Read Time 4 Minutes
Disembodied In Mojave
While Alex is known amongst shred guitar aficionados, he hasn’t broken through to the mainstream guitar audience. Which is a shame -because Alex not only incorporates distinctive melodic and rhythmic elements into his soloing, but also stands toe to toe with any speed player out there. I’ve chosen to examine “Disembodied in Mojave” as it’s a great masterclass in how to use a scale-based approach while creating an exciting and dynamic solo.
It starts with a riff
The solo of the song is played over the following riff.
The riff (and much of Alex’s solo) is based largely on A Phrygian Major A, Bb, C#, D, E, F, G (aka altered Phrygian, Phrygian dominant, or the 5th mode of harmonic minor). The two 1/2 steps in the first beat phrase (D/C#, Bb/A), followed by the 16th note pattern, gives the backing track a nice middle-eastern meets hard rock flavor to play over.
Stylistic elements of Alex’s playing
The opening phrase at (2:32) of the video has some great phrasing. The slides are reminiscent of something you might hear a sarode (an Indian fretless string instrument) player play.
The second bar of this phrase has some very interesting timing. By incorporating a three-note and a four-note phrase into groups of five, Alex draws attention away from the rhythm and gives the phrase a rhythmic push and pull that propels the solo in a subtle, yet compelling way.
If you have trouble reading the divisions of 5, think of it as a really relaxed sixteenth note feel. This rhythmic feel of jumping between straight metronomic sixteenth notes and groups of 5, 6 and 7 (producing a sound of “freer” time) is a key component of Alex’s style (and one that’s worth exploring!)
The melodic skip down from G to C# is unexpected and sitting on the C# creates a tension that’s exploited in the following phrase.
The three-fret slides that are incorporated in the first part of this phrase utilize notes from the A Phrygian Minor scale, but also allude to a diminished sound that Alex is quite fond of. The two-note sliding figure is moved to a two-note-per-sting pattern pattern that builds tension up to the high e on the 24th fret. While there’s a real logic to how Alex is executing this contrast, the solo strikes me as intuitive and improvised and the result of countless hours of working through different ways of working through a scale. This is a great example of making music from a scale-based pattern.
It’s difficult to hear at tempo, but careful listening reveals that his vibrato on the high e string is wide enough that it’s actually a ½ step bend in time. This is followed by a speedy alternate picked sextuplet run.
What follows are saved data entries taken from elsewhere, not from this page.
Definition pts_independent (F : fieldType) (A : F) (P H : point F) : Prop :=
  forall a b : int, add_pt A (mul_pt A a P) (mul_pt A b H) = None -> a = 0 /\ b = 0.

Definition Kmu := {fraction {poly {poly rat}}}.
Definition m_var : Kmu := tofrac (('X : {poly rat})%:P).
Definition u_var : Kmu := tofrac ('X : {poly {poly rat}}).

Definition q_mu : Kmu := 2%:R * (u_var - m_var) / (1 + m_var ^+ 2 - u_var ^+ 2).

Definition P_pt (F : fieldType) (m q : F) : point F :=
  Some (- ((2%:R * m ^+ 2 - 1) * q ^+ 2 + 4%:R * m * q + 1) / 3%:R,
        q * (m * q + 1) ^+ 2).

Definition H_pt (F : fieldType) (m u : F) : point F :=
  Some ((5%:R * m ^+ 4 + (6%:R - 10%:R * u) * m ^+ 3 + (4%:R * u ^+ 2 - 6%:R * u + 10%:R) * m ^+ 2
         + 2%:R * (u ^+ 3 - 3%:R * u ^+ 2 - 5%:R * u + 3%:R) * m
         - u ^+ 4 + 6%:R * u ^+ 3 - 6%:R * u + 5%:R)
        / (3%:R * (m ^+ 2 - u ^+ 2 + 1) ^+ 2),
        2%:R * (m - u + 1) ^+ 2 * (m ^+ 2 - u * m + 1) / (m ^+ 2 - u ^+ 2 + 1) ^+ 2).

(* Specialise (m, u) to (i, -i/3). There m^2 + 1 = 0 and q = -24i, and E_{m,q}
   degenerates to the nodal cubic y^2 = x^3 - c^4/3 x + 2c^6/27 with c = 5i.
   Its smooth points are parametrised by x = t^2 - 2c^2/3, y = t (t^2 - c^2),
   t^2 <> c^2, and t |-> (t + c)/(t - c) turns the chord-tangent law into
   multiplication in C^*. Specialisation is only a partial map Q(m,u) -> C, but
   it commutes with the group law as long as the branches of the addition
   formula agree, which holds along all multiples aP and bH. P and H specialise
   to the parameters 25i and -3 - 4i, with multiplicative coordinates 3/2 and
   -i/3, so aP + bH = O would give (3/2)^a (-i/3)^b = 1; taking absolute
   values, 3^(a-b) = 2^a, whence a = b = 0. *)

From HB Require Import structures.
From mathcomp Require Import all_boot all_order all_algebra all_field.
From mathcomp Require Import ring.
Set Implicit Arguments.
Unset Strict Implicit.
Unset Printing Implicit Defensive.
Import Order.TTheory GRing.Theory Num.Theory.
Local Open Scope ring_scope.

Lemma add_pt_eq_None (F : fieldType) (A : F) (X Y : point F) :
  add_pt A X Y = None -> X = neg_pt Y.
Proof.
case: X Y => [[x1 y1]|] [[x2 y2]|] //=.
by case: eqP => [-> | //]; case: eqP => [-> | //].
Qed.

Section NodalCubic.
Variables (F : fieldType) (c : F).
Hypotheses (two_neq0 : 2%:R != 0 :> F) (three_neq0 : 3%:R != 0 :> F).

(* The curve y^2 = x^3 + nodal_A x + 2c^6/27, with a node at (c^2/3, 0); only
   nodal_A enters the addition law [add_pt]. *)
Definition nodal_A : F := - c ^+ 4 / 3%:R.
Definition nodal_x (t : F) : F := t ^+ 2 - 2%:R / 3%:R * c ^+ 2.
Definition nodal_y (t : F) : F := t * (t ^+ 2 - c ^+ 2).
Definition nodal_pt (t : F) : point F := Some (nodal_x t, nodal_y t).
Definition nodal_sum (t1 t2 : F) : F := (t1 * t2 + c ^+ 2) / (t1 + t2).
Definition nodal_z (t : F) : F := (t + c) / (t - c).

Lemma sqr_neq_sub_add (t : F) :
  t ^+ 2 != c ^+ 2 -> (t - c != 0) && (t + c != 0).
Proof. by rewrite -subr_eq0 subr_sqr mulf_eq0 negb_or. Qed.

Lemma nodal_y_neq_opp (t : F) :
  t != 0 -> t ^+ 2 != c ^+ 2 -> nodal_y t != - nodal_y t.
Proof.
move=> t0 tc; rewrite -addr_eq0 -mulr2n -mulr_natl !mulf_eq0 subr_eq0.
by rewrite (negbTE two_neq0) (negbTE t0) (negbTE tc).
Qed.

Lemma nodal_add (t1 t2 : F) : t1 + t2 != 0 -> t1 ^+ 2 != c ^+ 2 ->
  add_pt nodal_A (nodal_pt t1) (nodal_pt t2) = nodal_pt (nodal_sum t1 t2).
Proof.
case: (eqVneq t1 t2) => [<- | neq12] t12 t1c /=.
  have t1_neq0 : t1 != 0 by apply: contraNneq t12 => ->; rewrite addr0.
  rewrite eqxx ifN ?nodal_y_neq_opp // /nodal_pt /nodal_x /nodal_y /nodal_A /nodal_sum.
  by congr (Some (_, _)); field; rewrite two_neq0 three_neq0 t1_neq0 t12 subr_eq0 t1c.
have t21 : t2 - t1 != 0 by rewrite subr_eq0 eq_sym.
have dx : nodal_x t2 - nodal_x t1 = (t2 - t1) * (t1 + t2) by rewrite /nodal_x; ring.
rewrite ifN; last by rewrite -subr_eq0 -oppr_eq0 opprB dx mulf_neq0.
rewrite dx /nodal_pt /nodal_x /nodal_y /nodal_sum.
by congr (Some (_, _)); field; rewrite three_neq0 t12 t21.
Qed.

Lemma nodal_neg (t : F) : neg_pt (nodal_pt t) = nodal_pt (- t).
Proof. by rewrite /nodal_pt /nodal_x /nodal_y /= sqrrN mulNr. Qed.

Lemma nodal_pt_inj (t1 t2 : F) : t1 ^+ 2 != c ^+ 2 ->
  nodal_pt t1 = nodal_pt t2 -> t1 = t2.
Proof.
move=> t1c [/addIr/eqP]; rewrite eqf_sqr => /orP[/eqP // | /eqP t12].
move: t1c; rewrite t12 /nodal_y sqrrN mulNr => t2c /eqP; rewrite eq_sym.
have [-> | t2_neq0] := eqVneq t2 0; first by rewrite oppr0.
by rewrite (negbTE (nodal_y_neq_opp t2_neq0 t2c)).
Qed.

Lemma nodal_sum_sqr (t1 t2 : F) : t1 ^+ 2 != c ^+ 2 -> t2 ^+ 2 != c ^+ 2 ->
  t1 + t2 != 0 -> nodal_sum t1 t2 ^+ 2 != c ^+ 2.
Proof.
move=> t1c t2c t12; rewrite -subr_eq0.
have -> : nodal_sum t1 t2 ^+ 2 - c ^+ 2
          = (t1 ^+ 2 - c ^+ 2) * (t2 ^+ 2 - c ^+ 2) / (t1 + t2) ^+ 2.
  by rewrite /nodal_sum; field.
by rewrite !mulf_neq0 ?invr_eq0 ?expf_neq0 ?subr_eq0.
Qed.

Lemma nodal_z_neq0 (t : F) : t ^+ 2 != c ^+ 2 -> nodal_z t != 0.
Proof. by case/sqr_neq_sub_add/andP => tc tc'; rewrite mulf_neq0 ?invr_eq0. Qed.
Note: The slide notated at the 14th fret is more of a general slide down than the strings instead of something that is specifically tied to pitch.
The string skipping lick and intervallic work at 2:46 is one of the coolest parts of the solo for me. Alex may be using hybrid picking for the notes on the high e string, but I’m guessing it’s all flat picked.
Making a position shift in the second bar of this phrase to the 7th fret makes a difficult lick slightly easier to play.
This is followed by a typically Masi style sequence. In a promo shoot for Ernie Ball (Alex is an endorsee and clinician for the company), Alex mentioned that he studied with Shawn Lane and the timing of the first bar ( again shifting from sixteenth notes to divisions of 5 and 6) is a classic Lane move.
The sequence morphs from an A pentatonic minor approach (with an added F natural) into a diminished idea in the second measure. This shift from a pentatonic into diminished is also a signature move for Alex and a great way to bring “out” sounds into a familiar area of your playing.
This is followed by a descent to A in the first bar. In addition to the string skips employed here, notice how he uses the same A Phrygian Major scale alluded to earlier.
The second bar of this excerpt employs shifting a 2-string arpeggio shape onto the A and B strings. This is followed by some diminished phrasing on beats 2 and 3.
Note: I recommend shifting position for the first note of beat 4 in this bar. If you slow down the recording you’ll hear a slight pause when Alex does this in the solo.
Alex clearly uses a lot of control in contouring his lines. Even when he incorporates something like a straight 16th note sequence into his playing (this bit comes from 2:56 or so), he changes the note order to make the phrase a little more unpredictable.
This is followed by a blazing D natural minor descent with a chromatic passing tone on the B string.
Technical challenges in performance
From a technical perspective, the speed at which Alex pulls these licks off at will be the most obvious challenge to getting these lines down. As was the case in the Vinnie Vincent lesson, the important thing to focus on is fluidity instead of speed. Practice the lick slowly and gradually build it up to tempo. Going too fast, too quickly will tense your hands up and make it harder to play the lick.
In my opinion, the larger (through perhaps less obvious) challenge will be really nailing the timing on these phrases. But as the rhythmic push and pull of Alex’s phrasing makes for unique and exciting playing, they’re also the element to incorporate the most effort into.
If you like this solo, you may want to check out some of Alex’s more recent recordings such as Late Nights At Desert’s Rimrock, 1900 Hard Times (with MCM) or his 2010 release Theory of Everything.